We have two tasks on Spacewalk-18 benchmark - step recognition and video question answering. The training, validation, and test video splits are listed in tasks/split.json. The step recognition task includes all three splits while the video question answering is for test purpose only.

task_img

Task 1 - Step Recognition

Given a query timestamp $t$ in a video, step recognition aims to determine the step happening at $t$. The training, validation, and test samples are in tasks/step_recognition/*.json. We show in construct_samples.ipynb how they are constructed. You may use it to generate more training samples if they benefit your method. Moreover, we encourage you to go beyond these samples and fully use the training set videos to develop your model.

Field Name Description
timestamp The timestamp sampled as query timestamp $t$.
frame_index The frame index of the query timestamp.
label The ground truth label of the sample.
id A unique ID of the sample.

Our tasks enables model evaluation under varying temporal context window lengths $w$. In this setting, a model needs to determine frame $t$'s corresponding step given the video clip $[t-w/2, t+w/2]$. We provide the code to calculate the video start and end times and collect the transcripts in the clip for any specified context length $w$. See construct_context_window.ipynb.

Evaluation Metrics

We use accuracy, mAP, and IoU to evaluate the performance on the step recognition task. The code is in evaluation.py. To use it, please organize your predictions in a JSON file in the following format:

{
      "03152022": [
            {
                  "prediction": 1,
                  "score": [0.4, 0.8, ..., 0.2]
            },
            {
                  "prediction": 0,
                  "score": [0.9, 0.3, ..., 0.6]
            },
            ... ...
      ],
      "11152022": [
            ... ...
      ]
}

The $i$-th item under each video ID is your prediction to the $i$-th sample. prediction is a predicted label used to compute accuracy. score is a list of scores for each category used to compute mAP. The length of score should be the same as the number of categories in the corresponding video. If your method does not provide category scores, you can omit score in your file.

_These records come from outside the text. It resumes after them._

(* The isolated last label of extend_pop p can always be placed at the last
   position, so whatever the last entry, containment reduces to the prefix. *)
Lemma contains_extend_pop k n (p : pop k) (u : 'S_n) (j : 'I_n.+1) :
  contains_pop (extend_pop p) (lift_perm ord_max j u) = contains_pop p u.
Proof.
apply/idP/idP => /existsP[f /andP[/forallP inc /allP rel]].
  pose g : {ffun 'I_k -> 'I_n.+1} := [ffun x => f (lift ord_max x)].
  have below_last x : (g x < f ord_max)%N.
    by rewrite ffunE; apply: (implyP (forallP (inc _) _)); rewrite lift_max ltn_ord.
  apply: (@contains_pop_unlift _ _ _ _ ord_max j g) => [x|].
    by rewrite neq_ltn (leq_trans (below_last x)) ?orbT // -ltnS.
  apply/andP; split.
    apply/forallP=> x; apply/forallP=> y; rewrite !ffunE -(lift_ltn ord_max).
    exact: (forallP (inc _) _).
  apply/allP=> r pr; rewrite !ffunE -!widen_lift_max; exact: rel (map_f _ pr).
pose g : {ffun 'I_k.+1 -> 'I_n.+1} :=
  [ffun x => if unlift ord_max x is Some y then lift ord_max (f y) else ord_max].
have gE x : g (lift ord_max x) = lift ord_max (f x) by rewrite ffunE liftK.
apply/existsP; exists g; apply/andP; split.
  apply/forallP=> x; apply/forallP=> y; apply/implyP.
  case: (unliftP ord_max x) => [x' ->|->]; last by rewrite ltnNge -ltnS ltn_ord.
  case: (unliftP ord_max y) => [y' ->|->].
    by rewrite !gE !lift_ltn; apply: (implyP (forallP (inc _) _)).
  by rewrite gE ffunE unlift_none => _; rewrite lift_max ltn_ord.
apply/allP=> _ /mapP[r pr ->] /=; rewrite !widen_lift_max !gE !lift_perm_lift lift_ltn.
exact: rel.
Qed.

Definition q4 : pop 4 :=
  [:: (inord 0, inord 1); (inord 0, inord 2); (inord 3, inord 1); (inord 3, inord 2)].

Definition q4_at n (s : 'S_n) (i1 i2 i3 i4 : 'I_n) : bool :=
  [&& (i1 < i2)%N, (i2 < i3)%N, (i3 < i4)%N, (s i2 < s i1)%N, (s i3 < s i1)%N,
      (s i2 < s i4)%N & (s i3 < s i4)%N].

Lemma p45E : p45 = extend_pop q4.
Proof.
by rewrite /p45 /extend_pop /=; congr [:: (_, _); (_, _); (_, _); (_, _)];
  apply: val_inj; rewrite /= !inordK.
Qed.

Lemma occurrence_q4 n (s : 'S_n) (f : {ffun 'I_4 -> 'I_n}) :
  is_occurrence q4 s f =
  q4_at s (f (inord 0)) (f (inord 1)) (f (inord 2)) (f (inord 3)).
Proof.
rewrite /is_occurrence /q4_at /= !andbT.
apply/andP/idP => [[/forallP inc ->] | /and4P[h12 h23 h34 ->]]; last first.
  have fE (z : 'I_4) : f z = f (inord z) by rewrite inord_val.
  split=> //; apply/forallP=> x; apply/forallP=> y; rewrite (fE x) (fE y).
  by case: x y => [[|[|[|[|?]]]] ?] [[|[|[|[|?]]]] ?] //=; lia.
have step (a b : nat) : (a < b < 4)%N -> (f (inord a) < f (inord b))%N.
  case/andP=> ab b4; apply: (implyP (forallP (inc _) _)).
  by rewrite !inordK // (ltn_trans ab).
by rewrite !step.
Qed.

Lemma containsE k n (p : pop k) (s : 'S_n) :
  contains_pop p s = [exists f, is_occurrence p s f].
Proof. by []. Qed.

Lemma contains_q4P n (s : 'S_n) :
  reflect (exists i1 i2 i3 i4, q4_at s i1 i2 i3 i4) (contains_pop q4 s).
Proof.
rewrite containsE; apply: (iffP existsP) => [[f] | [i1 [i2 [i3 [i4 occ]]]]].
  rewrite occurrence_q4 => occ.
  by exists (f (inord 0)), (f (inord 1)), (f (inord 2)), (f (inord 3)).
exists [ffun x : 'I_4 => nth i1 [:: i1; i2; i3; i4] x].
by rewrite occurrence_q4 !ffunE !inordK.
Qed.

Lemma two_smaller_values n (s : 'S_n) (a b c : 'I_n) :
  (a < b)%N -> (s a < s c)%N -> (s b < s c)%N -> (2 <= s c)%N.
Proof.
move=> ab ac bc; rewrite leqNgt; apply/negP => c1.
have /perm_inj sab : s a = s b by apply: ord_inj => /=; lia.
by move: ab; rewrite sab ltnn.
Qed.

Lemma q4_occurrence_ends n (s : 'S_n) (f : {ffun 'I_4 -> 'I_n}) :
  is_occurrence q4 s f ->
  [/\ forall x, (f (inord 0) <= f x <= f (inord 3))%N,
      (2 <= s (f (inord 0)))%N & (2 <= s (f (inord 3)))%N].
Proof.
move=> occ; have := occ; rewrite occurrence_q4.
move=> /and4P[h12 h23 h34 /and4P[r21 r31 r24 r34]].
split; [|exact: two_smaller_values h23 r21 r31|exact: two_smaller_values h23 r24 r34].
have fE (z : 'I_4) : f z = f (inord z) by rewrite inord_val.
by move=> x; rewrite (fE x); case: x => [[|[|[|[|?]]]] ?] //=; lia.
Qed.

Lemma contains_q4_insert_small n (i0 j : 'I_n.+1) (t : 'S_n) :
  (i0 == ord0) || (i0 == ord_max) -> (j <= 1)%N ->
  contains_pop q4 (lift_perm i0 j t) = contains_pop q4 t.
Proof.
move=> i0_end j1; apply/idP/idP; last exact: contains_pop_lift.
rewrite containsE => /existsP[f occ]; apply: (contains_pop_unlift _ occ) => x.
have [bounds v0 v3] := q4_occurrence_ends occ.
apply/eqP => fx.
have : (f (inord 0) == i0) || (f (inord 3) == i0).
  have := ltn_ord (f (inord 3)); move: (bounds x); rewrite -fx.
  by case/orP: i0_end => /eqP->; rewrite -!val_eqE /=; lia.
by case/orP=> /eqP fi; [move: v0 | move: v3]; rewrite fi lift_perm_id; lia.
Qed.

(* In a q4-avoider whose last value is at least 2 the first value is 0 or 1:
   otherwise the first entry, the entries 0 and 1 and the last entry would form
   an occurrence. *)
Lemma avoider_first_small n (s : 'S_n.+1) :
  ~~ contains_pop q4 s -> (2 <= s ord_max)%N -> (s ord0 <= 1)%N.
Proof.
move=> avoid last2; rewrite leqNgt; apply/negP => first2.
have n2 : (2 < n.+1)%N := leq_ltn_trans last2 (ltn_ord _).
pose pos (v : nat) := (s^-1)%g (inord v).
have posE v : (v <= 1)%N -> s (pos v) = v :> nat.
  by move=> v1; rewrite permKV inordK //; lia.
have inner v : (v <= 1)%N -> (0 < pos v < n)%N.
  move=> v1; have sv := posE v v1.
  apply/andP; split; rewrite ltnNge; apply/negP=> h.
    have e : pos v = ord0 by apply: ord_inj => /=; lia.
    by move: first2; rewrite -e; lia.
  have e : pos v = ord_max by apply: ord_inj => /=; have := ltn_ord (pos v); lia.
  by move: last2; rewrite -e; lia.
have [s0 s1] := (posE 0 isT, posE 1 isT).
have [in0 in1] := (inner 0 isT, inner 1 isT).
move/contains_q4P: avoid; apply.
case: (ltngtP (pos 0) (pos 1)) => [lt01|lt10|eq01].
- by exists ord0, (pos 0), (pos 1), ord_max; rewrite /q4_at /= s0 s1; lia.
- by exists ord0, (pos 1), (pos 0), ord_max; rewrite /q4_at /= s0 s1; lia.
- by move: s1; rewrite -(ord_inj eq01) s0.
Qed.

Lemma card_by_value n (P : pred 'S_n.+1) (i0 : 'I_n.+1) :
  #|[set s | P s]| = \sum_(j < n.+1) #|[set s | P s & s i0 == j]|.
Proof.
rewrite -sum1_card (partition_big (fun s : 'S_n.+1 => s i0) xpredT) //=.
by apply: eq_bigr => j _; rewrite -sum1_card; apply: eq_bigl => s; rewrite !inE.
Qed.

(* E(n, j): the q4-avoiders of size n+1 with last value j. *)
Definition ends_at n (j : nat) : nat :=
  #|[set t : 'S_n.+1 | avoids_pop q4 t & t ord_max == j :> nat]|.

Lemma avoiders_by_last n : num_avoiders q4 n.+1 = \sum_(j < n.+1) ends_at n j.
Proof.
rewrite /num_avoiders (card_by_value _ ord_max).
by apply: eq_bigr => j _; apply: eq_card => t; rewrite !inE.
Qed.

You can use --gt to specify the ground truth file and --pred to specify your prediction file. For example, to evaluate your predictions on the test set, run

python evaluation.py \
--gt test.json \
--pred YOUR_PREDICTION_FILE.json

Task 2 - Video Question Answering

The video question answering task includes 376 hour-long multi-choice questions. The videos are one-hour segments of the spacewalk recordings. The questions are available in tasks/question_answering/test.json. While only a test set is provided, you are encouraged to leverage the videos in the training set to adapt your models to the spacewalk domain.

Field Name Description
question_id A unique ID of the question.
video_id The video ID of the question.
video_start The global video start time in seconds of the video segment of the question.
video_end The global video end time in seconds of the video segment of the question.
question The question.
options A list of four options.
answer The answer, which is the index of the correct option.
type The question type. We include five types of questions.

Evaluation Metrics

We use accuracy to evaluate the performance on the video qeustion answering task. The code is in evaluation.py. Please organize your predictions in a JSON file, which is a list like:

[1, 0, 3, ..., 2]

You can use --gt to specify the ground truth file and --pred to specify your prediction file. For example,

python evaluation.py \
--gt test.json \
--pred YOUR_PREDICTION_FILE.json

Citation

We will be happy if you find Spacewalk-18 useful. Please cite it using this BibTeX:

@misc{krishnan2023spacewalk18,
      title={Spacewalk-18: A Benchmark for Multimodal and Long-form Procedural Video Understanding in Novel Domains}, 
      author={Zitian Tang and Rohan Myer Krishnan and Zhiqiu Yu and Chen Sun},
      year={2023},
      publisher={arXiv:2311.18773}
}

LICENSE

Spacewalk-18 benchmark is released under MIT License.